Copy exactly the lines of the data below that run from the line holding "Definition H1semi (N" through the line holding "Definition A1 (psi", both ends included.

==== STORED DATA ====

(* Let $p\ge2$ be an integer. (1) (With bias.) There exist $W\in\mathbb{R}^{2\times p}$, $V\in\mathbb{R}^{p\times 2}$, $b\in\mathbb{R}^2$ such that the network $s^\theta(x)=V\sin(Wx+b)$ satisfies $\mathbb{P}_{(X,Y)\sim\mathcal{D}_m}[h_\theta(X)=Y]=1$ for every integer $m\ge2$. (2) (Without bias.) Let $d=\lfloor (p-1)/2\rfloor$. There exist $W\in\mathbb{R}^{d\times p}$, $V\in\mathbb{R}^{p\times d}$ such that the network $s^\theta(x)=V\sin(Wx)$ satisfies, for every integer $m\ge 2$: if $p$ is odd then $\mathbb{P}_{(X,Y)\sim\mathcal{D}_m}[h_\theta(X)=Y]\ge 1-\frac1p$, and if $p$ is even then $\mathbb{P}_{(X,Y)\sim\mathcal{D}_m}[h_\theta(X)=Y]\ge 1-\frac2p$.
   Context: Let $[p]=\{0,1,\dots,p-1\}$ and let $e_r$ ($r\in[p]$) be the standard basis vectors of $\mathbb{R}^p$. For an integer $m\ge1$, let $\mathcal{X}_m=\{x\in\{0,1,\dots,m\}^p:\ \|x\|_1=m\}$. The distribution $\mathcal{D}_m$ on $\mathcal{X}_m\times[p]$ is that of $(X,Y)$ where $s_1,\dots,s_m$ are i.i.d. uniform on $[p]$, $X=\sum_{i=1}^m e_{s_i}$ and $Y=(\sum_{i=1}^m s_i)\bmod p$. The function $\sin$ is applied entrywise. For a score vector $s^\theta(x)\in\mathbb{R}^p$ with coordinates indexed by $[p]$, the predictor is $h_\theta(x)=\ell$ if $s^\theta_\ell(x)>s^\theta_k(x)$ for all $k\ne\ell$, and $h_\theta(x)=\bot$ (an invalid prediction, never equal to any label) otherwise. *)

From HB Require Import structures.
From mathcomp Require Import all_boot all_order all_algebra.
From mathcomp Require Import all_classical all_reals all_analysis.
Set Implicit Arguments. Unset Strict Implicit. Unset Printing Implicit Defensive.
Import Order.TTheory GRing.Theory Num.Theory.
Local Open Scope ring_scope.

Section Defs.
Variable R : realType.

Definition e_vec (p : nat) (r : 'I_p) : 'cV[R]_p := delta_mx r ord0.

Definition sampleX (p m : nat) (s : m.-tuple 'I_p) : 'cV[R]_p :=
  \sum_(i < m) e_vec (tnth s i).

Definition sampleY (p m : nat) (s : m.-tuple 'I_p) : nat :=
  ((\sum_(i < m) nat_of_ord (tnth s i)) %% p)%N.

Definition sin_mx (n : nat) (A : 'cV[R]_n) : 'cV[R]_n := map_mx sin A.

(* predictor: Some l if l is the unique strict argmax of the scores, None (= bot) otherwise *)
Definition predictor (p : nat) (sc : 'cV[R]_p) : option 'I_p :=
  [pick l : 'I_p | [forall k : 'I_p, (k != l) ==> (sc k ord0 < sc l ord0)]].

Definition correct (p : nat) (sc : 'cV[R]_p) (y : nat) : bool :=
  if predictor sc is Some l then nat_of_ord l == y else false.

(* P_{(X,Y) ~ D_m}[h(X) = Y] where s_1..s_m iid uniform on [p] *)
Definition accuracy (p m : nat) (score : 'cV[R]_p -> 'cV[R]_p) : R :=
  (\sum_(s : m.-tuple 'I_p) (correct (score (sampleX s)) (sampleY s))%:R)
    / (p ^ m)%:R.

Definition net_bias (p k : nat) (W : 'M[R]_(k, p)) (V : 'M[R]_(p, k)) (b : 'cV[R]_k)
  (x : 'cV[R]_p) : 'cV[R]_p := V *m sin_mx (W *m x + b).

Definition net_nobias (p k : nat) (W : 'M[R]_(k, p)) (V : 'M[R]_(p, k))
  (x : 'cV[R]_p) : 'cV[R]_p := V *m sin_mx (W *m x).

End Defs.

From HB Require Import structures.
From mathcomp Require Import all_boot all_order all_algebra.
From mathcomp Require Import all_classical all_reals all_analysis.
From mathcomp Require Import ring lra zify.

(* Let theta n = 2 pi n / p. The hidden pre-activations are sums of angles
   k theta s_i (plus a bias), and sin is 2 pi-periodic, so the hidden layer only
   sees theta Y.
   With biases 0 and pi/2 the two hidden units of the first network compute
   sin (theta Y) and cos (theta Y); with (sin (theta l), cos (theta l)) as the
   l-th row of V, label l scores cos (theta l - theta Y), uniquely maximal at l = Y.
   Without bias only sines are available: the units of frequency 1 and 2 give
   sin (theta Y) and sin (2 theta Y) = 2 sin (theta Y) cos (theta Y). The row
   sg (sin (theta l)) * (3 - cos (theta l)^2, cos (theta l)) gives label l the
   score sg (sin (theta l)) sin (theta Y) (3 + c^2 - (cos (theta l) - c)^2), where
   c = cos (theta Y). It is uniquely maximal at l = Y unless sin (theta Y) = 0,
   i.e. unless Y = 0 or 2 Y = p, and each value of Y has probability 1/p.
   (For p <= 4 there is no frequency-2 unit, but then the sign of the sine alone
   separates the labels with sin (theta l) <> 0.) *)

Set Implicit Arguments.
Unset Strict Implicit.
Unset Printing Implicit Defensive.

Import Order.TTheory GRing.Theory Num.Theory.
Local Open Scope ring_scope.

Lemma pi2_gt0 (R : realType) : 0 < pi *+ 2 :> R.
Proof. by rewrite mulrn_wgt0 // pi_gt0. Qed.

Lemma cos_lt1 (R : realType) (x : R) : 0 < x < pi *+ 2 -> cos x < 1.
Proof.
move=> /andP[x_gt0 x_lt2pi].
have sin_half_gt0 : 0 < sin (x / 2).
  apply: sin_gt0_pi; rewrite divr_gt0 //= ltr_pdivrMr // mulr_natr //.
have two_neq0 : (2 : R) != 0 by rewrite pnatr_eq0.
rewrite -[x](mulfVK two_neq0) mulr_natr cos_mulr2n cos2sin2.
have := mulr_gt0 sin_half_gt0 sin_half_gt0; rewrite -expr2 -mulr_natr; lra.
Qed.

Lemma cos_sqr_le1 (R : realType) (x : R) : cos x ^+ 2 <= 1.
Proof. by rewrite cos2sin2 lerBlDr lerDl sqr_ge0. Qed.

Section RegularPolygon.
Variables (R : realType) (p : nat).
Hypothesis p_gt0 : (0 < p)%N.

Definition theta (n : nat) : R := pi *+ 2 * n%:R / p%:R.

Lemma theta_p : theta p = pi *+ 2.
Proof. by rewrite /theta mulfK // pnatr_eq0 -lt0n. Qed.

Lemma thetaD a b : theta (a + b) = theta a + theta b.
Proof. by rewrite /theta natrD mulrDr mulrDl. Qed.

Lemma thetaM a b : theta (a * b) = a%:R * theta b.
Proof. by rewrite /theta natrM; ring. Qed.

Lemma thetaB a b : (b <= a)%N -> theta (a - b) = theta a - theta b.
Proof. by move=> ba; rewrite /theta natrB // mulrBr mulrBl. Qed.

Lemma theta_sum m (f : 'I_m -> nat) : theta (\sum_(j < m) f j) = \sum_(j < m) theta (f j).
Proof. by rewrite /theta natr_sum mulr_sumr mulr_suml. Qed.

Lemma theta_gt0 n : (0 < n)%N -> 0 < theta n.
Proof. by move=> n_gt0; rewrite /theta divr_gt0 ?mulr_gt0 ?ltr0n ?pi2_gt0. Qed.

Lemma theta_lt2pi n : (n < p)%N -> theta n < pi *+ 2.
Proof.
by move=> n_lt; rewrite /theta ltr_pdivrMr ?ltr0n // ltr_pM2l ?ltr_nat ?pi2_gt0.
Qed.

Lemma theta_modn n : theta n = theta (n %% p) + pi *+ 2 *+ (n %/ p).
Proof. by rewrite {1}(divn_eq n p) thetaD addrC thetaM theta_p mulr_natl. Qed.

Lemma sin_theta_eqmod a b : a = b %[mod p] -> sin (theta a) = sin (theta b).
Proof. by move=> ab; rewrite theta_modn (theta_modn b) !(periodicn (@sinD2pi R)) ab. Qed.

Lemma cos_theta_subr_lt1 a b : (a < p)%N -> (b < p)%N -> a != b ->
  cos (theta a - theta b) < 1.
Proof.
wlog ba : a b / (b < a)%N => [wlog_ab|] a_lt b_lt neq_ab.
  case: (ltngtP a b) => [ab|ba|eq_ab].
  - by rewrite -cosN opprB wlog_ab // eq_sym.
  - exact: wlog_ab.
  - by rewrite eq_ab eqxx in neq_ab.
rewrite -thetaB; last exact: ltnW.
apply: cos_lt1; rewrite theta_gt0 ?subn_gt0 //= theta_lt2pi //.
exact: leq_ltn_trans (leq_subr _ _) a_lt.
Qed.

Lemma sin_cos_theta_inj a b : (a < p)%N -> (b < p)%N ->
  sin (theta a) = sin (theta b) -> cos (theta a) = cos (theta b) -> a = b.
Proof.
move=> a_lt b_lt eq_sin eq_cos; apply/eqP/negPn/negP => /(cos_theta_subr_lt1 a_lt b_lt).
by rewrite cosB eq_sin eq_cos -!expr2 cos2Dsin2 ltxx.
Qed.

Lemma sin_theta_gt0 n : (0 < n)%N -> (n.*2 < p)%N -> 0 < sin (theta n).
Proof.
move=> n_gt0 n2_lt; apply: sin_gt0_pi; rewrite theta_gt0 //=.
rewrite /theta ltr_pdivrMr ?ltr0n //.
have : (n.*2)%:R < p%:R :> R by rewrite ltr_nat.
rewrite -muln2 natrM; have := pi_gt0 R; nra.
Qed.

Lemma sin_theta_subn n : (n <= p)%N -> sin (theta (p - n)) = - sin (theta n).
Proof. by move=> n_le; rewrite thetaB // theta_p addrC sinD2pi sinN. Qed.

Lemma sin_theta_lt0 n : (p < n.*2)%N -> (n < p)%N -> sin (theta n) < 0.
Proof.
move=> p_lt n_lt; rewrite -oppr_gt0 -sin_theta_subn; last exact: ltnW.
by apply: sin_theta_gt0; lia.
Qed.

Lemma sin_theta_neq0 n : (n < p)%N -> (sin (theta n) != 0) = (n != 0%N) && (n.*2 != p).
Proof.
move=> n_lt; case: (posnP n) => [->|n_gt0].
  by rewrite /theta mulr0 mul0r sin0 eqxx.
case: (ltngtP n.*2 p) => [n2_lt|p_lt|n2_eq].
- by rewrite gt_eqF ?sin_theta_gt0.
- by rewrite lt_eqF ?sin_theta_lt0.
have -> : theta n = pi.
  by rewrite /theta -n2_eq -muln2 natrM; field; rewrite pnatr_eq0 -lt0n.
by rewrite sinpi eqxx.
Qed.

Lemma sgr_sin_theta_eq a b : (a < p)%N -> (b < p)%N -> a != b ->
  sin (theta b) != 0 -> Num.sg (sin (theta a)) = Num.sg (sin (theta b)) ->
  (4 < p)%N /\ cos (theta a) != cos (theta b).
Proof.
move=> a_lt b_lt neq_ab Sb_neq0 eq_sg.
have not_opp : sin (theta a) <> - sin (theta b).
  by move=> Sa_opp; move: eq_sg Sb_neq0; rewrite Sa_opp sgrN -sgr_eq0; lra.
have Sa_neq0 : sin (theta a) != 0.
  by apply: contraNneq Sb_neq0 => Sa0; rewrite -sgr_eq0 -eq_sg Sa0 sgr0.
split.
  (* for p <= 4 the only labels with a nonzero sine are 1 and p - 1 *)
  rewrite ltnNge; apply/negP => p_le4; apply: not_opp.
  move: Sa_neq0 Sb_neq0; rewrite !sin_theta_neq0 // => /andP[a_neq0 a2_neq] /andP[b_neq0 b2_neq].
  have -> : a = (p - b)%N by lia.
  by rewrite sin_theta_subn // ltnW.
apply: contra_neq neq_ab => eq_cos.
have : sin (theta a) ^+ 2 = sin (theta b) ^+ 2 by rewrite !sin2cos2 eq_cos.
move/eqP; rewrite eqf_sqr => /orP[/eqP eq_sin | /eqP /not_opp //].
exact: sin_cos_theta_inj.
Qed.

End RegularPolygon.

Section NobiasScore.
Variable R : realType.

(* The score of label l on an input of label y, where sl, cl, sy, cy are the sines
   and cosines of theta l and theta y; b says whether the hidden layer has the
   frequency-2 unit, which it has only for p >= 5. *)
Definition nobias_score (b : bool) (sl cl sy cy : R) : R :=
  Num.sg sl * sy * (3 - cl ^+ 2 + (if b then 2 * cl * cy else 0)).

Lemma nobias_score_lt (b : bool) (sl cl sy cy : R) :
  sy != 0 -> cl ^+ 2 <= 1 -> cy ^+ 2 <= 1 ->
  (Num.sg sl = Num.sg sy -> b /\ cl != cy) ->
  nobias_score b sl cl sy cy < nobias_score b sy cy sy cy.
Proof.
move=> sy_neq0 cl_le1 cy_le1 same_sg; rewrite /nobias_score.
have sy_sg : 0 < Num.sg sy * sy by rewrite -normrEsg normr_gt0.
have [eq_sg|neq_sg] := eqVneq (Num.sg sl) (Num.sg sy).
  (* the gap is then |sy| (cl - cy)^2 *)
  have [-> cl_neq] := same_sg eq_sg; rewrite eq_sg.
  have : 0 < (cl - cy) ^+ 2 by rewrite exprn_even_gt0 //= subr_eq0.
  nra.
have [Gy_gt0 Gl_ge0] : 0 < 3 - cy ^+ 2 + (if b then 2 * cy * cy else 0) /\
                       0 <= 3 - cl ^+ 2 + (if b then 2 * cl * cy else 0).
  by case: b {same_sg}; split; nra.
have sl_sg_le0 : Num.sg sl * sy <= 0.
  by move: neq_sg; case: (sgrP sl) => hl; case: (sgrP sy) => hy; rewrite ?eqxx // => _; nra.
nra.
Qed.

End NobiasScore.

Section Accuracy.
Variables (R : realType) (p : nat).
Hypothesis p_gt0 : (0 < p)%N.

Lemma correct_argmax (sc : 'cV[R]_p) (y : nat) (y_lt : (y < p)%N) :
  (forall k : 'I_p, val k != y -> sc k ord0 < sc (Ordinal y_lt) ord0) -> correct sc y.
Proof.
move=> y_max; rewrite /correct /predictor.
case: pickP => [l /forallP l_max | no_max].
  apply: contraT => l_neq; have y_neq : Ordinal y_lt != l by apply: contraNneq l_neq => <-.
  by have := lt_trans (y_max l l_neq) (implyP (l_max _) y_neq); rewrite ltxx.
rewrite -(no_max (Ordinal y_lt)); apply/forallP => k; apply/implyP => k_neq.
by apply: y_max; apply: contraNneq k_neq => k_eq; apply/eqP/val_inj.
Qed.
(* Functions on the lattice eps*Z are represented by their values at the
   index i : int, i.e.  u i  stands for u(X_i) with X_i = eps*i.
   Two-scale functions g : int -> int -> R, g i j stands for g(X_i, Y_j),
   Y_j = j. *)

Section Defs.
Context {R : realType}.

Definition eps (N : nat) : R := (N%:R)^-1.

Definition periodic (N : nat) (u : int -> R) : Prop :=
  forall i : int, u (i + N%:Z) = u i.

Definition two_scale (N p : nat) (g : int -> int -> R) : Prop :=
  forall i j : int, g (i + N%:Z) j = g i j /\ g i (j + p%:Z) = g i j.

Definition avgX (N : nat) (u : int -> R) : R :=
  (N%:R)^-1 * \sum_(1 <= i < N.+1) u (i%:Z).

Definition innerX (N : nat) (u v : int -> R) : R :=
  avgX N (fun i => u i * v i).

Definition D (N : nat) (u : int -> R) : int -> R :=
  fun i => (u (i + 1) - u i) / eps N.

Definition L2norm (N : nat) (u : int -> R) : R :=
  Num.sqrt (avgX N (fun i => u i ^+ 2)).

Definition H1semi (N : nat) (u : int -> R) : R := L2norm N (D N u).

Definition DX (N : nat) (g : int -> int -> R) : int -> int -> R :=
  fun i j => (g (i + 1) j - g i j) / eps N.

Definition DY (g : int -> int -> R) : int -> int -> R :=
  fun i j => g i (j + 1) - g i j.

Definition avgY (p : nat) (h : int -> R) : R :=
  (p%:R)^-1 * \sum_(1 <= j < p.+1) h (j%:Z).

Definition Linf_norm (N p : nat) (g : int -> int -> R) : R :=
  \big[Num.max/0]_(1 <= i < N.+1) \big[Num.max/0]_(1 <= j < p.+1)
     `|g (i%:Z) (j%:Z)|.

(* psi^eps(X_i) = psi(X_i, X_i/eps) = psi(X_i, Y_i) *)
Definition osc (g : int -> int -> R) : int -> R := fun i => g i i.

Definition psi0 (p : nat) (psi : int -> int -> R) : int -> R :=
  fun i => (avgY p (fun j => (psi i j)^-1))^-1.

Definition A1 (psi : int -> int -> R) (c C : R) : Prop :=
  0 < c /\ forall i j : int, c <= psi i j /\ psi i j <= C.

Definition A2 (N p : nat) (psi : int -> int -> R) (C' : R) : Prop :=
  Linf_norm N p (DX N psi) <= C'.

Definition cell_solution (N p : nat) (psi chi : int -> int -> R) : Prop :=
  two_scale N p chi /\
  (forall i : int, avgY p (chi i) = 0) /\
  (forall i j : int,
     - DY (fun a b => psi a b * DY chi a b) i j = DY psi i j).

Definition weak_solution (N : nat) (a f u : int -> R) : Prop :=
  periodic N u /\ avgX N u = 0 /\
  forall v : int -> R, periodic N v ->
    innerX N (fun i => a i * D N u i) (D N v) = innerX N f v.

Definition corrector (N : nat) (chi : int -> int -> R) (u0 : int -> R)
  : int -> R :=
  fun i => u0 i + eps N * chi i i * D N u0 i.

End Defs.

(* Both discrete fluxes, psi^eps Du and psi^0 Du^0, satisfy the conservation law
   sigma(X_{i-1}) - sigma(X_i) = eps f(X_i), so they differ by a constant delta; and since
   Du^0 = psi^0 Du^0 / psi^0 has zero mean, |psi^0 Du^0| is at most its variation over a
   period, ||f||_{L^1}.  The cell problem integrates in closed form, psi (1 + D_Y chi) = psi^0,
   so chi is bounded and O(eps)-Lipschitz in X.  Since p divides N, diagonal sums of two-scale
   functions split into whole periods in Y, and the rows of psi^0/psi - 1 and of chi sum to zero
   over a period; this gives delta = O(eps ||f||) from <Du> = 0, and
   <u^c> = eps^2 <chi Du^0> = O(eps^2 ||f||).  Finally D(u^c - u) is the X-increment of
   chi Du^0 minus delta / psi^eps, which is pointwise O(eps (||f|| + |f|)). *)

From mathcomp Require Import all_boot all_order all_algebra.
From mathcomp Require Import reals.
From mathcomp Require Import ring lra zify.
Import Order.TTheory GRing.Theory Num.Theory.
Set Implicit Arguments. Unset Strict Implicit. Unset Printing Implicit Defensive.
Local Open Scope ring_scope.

====

▶ **SOLUTION BELOW**:
Definition H1semi (N : nat) (u : int -> R) : R := L2norm N (D N u).

Definition DX (N : nat) (g : int -> int -> R) : int -> int -> R :=
  fun i j => (g (i + 1) j - g i j) / eps N.

Definition DY (g : int -> int -> R) : int -> int -> R :=
  fun i j => g i (j + 1) - g i j.

Definition avgY (p : nat) (h : int -> R) : R :=
  (p%:R)^-1 * \sum_(1 <= j < p.+1) h (j%:Z).

Definition Linf_norm (N p : nat) (g : int -> int -> R) : R :=
  \big[Num.max/0]_(1 <= i < N.+1) \big[Num.max/0]_(1 <= j < p.+1)
     `|g (i%:Z) (j%:Z)|.

(* psi^eps(X_i) = psi(X_i, X_i/eps) = psi(X_i, Y_i) *)
Definition osc (g : int -> int -> R) : int -> R := fun i => g i i.

Definition psi0 (p : nat) (psi : int -> int -> R) : int -> R :=
  fun i => (avgY p (fun j => (psi i j)^-1))^-1.

Definition A1 (psi : int -> int -> R) (c C : R) : Prop :=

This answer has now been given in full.